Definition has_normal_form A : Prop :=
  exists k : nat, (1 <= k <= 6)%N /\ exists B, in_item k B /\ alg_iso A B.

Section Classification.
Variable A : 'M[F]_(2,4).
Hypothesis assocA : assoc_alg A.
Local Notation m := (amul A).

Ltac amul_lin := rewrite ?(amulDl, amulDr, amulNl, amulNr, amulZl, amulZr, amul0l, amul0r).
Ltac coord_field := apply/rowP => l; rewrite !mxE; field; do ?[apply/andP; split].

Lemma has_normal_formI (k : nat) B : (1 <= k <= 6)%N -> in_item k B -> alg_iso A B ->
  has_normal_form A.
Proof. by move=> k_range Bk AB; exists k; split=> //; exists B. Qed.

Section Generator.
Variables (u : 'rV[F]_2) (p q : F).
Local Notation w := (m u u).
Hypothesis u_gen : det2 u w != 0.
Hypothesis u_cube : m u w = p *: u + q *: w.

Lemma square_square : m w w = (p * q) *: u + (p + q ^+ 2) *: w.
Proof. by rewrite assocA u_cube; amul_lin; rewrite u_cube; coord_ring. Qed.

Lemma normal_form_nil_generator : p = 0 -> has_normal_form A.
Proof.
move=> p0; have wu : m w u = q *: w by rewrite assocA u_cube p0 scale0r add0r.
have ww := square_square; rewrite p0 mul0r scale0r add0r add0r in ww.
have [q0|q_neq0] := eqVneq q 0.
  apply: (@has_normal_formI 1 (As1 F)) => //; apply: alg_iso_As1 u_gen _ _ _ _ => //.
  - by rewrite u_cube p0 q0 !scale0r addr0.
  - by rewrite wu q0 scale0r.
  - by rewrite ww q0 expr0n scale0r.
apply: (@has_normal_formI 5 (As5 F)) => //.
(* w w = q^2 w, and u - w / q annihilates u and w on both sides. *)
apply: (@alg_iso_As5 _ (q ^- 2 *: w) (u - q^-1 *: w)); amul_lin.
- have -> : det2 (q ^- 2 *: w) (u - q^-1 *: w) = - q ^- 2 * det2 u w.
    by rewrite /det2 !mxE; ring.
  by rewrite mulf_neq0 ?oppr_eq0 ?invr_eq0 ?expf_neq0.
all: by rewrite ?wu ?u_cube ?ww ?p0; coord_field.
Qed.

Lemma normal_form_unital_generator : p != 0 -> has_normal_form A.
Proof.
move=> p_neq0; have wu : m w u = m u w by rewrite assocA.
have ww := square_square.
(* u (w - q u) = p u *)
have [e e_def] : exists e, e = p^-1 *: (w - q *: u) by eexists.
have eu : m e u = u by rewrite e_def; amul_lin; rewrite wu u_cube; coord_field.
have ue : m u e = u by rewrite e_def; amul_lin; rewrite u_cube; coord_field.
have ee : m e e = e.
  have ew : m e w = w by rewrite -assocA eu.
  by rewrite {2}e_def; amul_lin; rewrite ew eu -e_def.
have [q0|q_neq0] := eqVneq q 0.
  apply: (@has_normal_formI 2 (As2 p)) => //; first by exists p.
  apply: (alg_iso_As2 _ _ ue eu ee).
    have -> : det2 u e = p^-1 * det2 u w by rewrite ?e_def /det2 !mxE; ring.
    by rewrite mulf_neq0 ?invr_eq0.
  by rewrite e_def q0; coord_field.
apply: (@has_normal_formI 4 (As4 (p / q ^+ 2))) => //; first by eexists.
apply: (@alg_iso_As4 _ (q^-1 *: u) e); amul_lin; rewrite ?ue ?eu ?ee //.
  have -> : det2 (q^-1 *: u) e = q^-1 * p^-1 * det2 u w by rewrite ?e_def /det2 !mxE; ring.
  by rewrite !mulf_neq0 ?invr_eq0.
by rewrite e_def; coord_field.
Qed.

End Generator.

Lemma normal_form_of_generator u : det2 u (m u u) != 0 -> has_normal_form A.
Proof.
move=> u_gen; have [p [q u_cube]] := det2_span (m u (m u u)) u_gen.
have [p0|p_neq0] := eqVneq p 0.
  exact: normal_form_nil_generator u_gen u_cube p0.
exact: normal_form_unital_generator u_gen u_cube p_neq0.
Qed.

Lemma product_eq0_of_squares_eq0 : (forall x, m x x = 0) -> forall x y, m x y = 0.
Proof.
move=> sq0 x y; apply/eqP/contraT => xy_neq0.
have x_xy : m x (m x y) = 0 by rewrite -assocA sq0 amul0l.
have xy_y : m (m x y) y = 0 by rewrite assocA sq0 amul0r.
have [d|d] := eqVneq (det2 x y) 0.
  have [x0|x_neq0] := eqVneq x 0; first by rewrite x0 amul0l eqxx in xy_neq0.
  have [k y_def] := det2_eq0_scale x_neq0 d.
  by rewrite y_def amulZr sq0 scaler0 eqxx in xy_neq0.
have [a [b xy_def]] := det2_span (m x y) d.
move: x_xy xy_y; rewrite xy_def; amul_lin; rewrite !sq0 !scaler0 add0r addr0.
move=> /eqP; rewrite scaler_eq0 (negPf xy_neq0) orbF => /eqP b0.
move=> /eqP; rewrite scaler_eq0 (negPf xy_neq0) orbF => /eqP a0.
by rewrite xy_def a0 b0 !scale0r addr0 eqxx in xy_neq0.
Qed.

--------

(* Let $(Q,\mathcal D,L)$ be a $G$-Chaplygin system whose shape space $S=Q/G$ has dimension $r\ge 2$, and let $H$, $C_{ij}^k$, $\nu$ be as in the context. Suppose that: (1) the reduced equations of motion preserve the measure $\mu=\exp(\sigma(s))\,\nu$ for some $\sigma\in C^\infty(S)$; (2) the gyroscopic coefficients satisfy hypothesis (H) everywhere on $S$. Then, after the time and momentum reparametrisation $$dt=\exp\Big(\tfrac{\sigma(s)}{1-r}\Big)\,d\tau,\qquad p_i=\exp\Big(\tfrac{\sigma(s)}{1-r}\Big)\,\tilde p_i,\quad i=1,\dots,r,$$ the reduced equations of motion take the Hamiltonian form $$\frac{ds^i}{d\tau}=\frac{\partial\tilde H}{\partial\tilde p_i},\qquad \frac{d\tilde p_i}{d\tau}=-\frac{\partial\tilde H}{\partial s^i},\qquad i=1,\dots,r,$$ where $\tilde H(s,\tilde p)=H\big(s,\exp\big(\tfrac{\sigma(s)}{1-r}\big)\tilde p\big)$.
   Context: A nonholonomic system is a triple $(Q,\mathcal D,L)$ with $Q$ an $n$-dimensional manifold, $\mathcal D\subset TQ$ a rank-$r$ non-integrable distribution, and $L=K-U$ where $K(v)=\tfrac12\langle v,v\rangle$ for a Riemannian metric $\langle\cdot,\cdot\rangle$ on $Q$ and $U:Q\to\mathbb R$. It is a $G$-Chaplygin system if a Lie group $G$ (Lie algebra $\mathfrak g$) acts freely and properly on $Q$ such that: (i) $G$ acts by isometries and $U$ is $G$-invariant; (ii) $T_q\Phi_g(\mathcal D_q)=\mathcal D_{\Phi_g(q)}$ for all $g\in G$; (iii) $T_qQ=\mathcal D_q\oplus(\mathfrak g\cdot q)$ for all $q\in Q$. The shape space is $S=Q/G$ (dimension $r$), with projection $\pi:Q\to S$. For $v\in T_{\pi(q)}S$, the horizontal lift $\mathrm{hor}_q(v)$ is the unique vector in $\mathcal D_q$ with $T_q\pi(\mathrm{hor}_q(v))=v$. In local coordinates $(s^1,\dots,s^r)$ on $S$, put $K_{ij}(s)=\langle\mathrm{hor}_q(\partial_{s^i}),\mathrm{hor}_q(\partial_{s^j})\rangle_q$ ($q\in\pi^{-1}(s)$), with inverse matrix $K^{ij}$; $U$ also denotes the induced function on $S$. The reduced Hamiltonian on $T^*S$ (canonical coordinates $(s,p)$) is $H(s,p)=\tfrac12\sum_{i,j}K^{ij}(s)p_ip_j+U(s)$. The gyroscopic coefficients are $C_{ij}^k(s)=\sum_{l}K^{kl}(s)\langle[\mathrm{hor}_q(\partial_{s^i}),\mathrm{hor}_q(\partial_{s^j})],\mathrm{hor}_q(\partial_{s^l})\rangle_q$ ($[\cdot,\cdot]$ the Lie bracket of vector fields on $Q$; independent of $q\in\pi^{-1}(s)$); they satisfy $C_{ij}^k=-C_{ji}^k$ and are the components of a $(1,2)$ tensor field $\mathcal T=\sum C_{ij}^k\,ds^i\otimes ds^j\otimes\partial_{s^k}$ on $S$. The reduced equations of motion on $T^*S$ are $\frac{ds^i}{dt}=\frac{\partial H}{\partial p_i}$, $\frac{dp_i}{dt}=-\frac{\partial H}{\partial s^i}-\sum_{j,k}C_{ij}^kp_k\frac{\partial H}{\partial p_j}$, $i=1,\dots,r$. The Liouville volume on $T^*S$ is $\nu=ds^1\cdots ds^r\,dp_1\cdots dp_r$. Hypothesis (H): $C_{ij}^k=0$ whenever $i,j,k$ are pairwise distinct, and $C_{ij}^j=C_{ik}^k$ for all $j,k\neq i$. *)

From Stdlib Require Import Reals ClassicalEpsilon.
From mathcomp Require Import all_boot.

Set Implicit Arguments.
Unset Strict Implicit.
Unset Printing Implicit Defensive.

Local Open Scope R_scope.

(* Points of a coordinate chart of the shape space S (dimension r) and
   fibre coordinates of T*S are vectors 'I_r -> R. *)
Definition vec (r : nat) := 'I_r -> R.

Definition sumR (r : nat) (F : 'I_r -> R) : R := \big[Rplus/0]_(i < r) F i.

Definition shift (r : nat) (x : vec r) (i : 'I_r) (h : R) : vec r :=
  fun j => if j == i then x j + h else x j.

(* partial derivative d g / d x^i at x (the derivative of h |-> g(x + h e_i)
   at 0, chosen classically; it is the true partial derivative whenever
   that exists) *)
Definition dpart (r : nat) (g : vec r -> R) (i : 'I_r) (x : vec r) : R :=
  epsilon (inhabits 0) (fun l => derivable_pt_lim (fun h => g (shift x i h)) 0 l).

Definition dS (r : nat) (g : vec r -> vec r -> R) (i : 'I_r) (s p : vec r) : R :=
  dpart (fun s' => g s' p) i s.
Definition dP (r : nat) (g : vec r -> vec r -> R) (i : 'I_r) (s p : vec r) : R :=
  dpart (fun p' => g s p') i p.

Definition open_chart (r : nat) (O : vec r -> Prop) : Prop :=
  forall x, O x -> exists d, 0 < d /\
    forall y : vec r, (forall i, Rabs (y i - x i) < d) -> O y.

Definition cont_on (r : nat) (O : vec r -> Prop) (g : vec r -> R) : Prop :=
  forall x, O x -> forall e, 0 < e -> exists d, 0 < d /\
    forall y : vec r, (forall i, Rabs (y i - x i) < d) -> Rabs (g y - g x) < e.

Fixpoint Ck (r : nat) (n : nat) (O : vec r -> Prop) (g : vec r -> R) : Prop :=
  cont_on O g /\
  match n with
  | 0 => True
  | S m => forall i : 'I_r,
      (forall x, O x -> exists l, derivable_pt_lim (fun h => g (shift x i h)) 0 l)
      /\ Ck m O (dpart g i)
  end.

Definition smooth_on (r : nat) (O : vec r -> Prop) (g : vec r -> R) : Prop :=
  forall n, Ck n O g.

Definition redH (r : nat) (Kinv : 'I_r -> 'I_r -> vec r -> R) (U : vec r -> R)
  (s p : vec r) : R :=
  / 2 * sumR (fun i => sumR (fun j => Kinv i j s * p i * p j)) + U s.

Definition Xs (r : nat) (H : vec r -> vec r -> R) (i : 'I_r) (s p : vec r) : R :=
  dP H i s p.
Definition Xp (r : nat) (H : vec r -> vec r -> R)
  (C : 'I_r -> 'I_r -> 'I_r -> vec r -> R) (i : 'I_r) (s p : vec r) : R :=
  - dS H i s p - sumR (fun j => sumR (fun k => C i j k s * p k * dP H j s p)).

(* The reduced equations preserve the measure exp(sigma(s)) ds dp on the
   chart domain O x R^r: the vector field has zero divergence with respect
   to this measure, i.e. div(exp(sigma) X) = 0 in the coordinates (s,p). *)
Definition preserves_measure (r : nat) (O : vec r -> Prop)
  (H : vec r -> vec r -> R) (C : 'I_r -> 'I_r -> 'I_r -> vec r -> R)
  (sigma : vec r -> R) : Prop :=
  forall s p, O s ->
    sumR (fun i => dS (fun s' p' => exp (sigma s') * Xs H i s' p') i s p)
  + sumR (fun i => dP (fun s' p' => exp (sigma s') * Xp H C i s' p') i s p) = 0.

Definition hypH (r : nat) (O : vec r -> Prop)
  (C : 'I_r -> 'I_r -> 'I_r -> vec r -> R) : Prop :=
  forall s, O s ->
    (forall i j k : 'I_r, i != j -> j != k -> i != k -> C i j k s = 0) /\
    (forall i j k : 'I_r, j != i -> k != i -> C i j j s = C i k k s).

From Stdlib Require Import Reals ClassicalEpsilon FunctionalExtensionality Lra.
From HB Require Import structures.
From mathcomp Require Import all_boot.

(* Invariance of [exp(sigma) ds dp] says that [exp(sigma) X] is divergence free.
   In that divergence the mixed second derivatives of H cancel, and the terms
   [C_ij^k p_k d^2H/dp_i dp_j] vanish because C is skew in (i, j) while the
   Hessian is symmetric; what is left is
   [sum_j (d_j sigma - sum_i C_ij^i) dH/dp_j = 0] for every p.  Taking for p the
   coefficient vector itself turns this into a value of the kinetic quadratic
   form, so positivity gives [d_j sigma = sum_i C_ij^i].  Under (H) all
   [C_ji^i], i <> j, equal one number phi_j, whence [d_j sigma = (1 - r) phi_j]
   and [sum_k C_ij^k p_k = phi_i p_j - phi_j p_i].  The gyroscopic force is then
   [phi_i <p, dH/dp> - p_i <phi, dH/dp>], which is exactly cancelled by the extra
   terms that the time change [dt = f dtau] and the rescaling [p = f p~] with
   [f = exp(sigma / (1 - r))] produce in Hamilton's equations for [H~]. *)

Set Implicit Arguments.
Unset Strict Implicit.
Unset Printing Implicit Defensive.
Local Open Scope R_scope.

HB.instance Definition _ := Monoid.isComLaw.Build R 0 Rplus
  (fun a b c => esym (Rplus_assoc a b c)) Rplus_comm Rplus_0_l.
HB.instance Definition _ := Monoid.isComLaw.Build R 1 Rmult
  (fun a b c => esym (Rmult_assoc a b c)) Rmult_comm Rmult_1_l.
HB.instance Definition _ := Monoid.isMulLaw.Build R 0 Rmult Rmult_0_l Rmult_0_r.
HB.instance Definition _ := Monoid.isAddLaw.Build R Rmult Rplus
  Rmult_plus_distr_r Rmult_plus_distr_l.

--------

• _Problem to work on_
Write down exactly the span of lines above from the one containing "(H : vec r -> vec r -> R) (C" to the one containing "Definition hypH (r : nat) (O : vec r -> Prop)", both ends included.

• _Exercise answer_
  (H : vec r -> vec r -> R) (C : 'I_r -> 'I_r -> 'I_r -> vec r -> R)
  (sigma : vec r -> R) : Prop :=
  forall s p, O s ->
    sumR (fun i => dS (fun s' p' => exp (sigma s') * Xs H i s' p') i s p)
  + sumR (fun i => dP (fun s' p' => exp (sigma s') * Xp H C i s' p') i s p) = 0.

Definition hypH (r : nat) (O : vec r -> Prop)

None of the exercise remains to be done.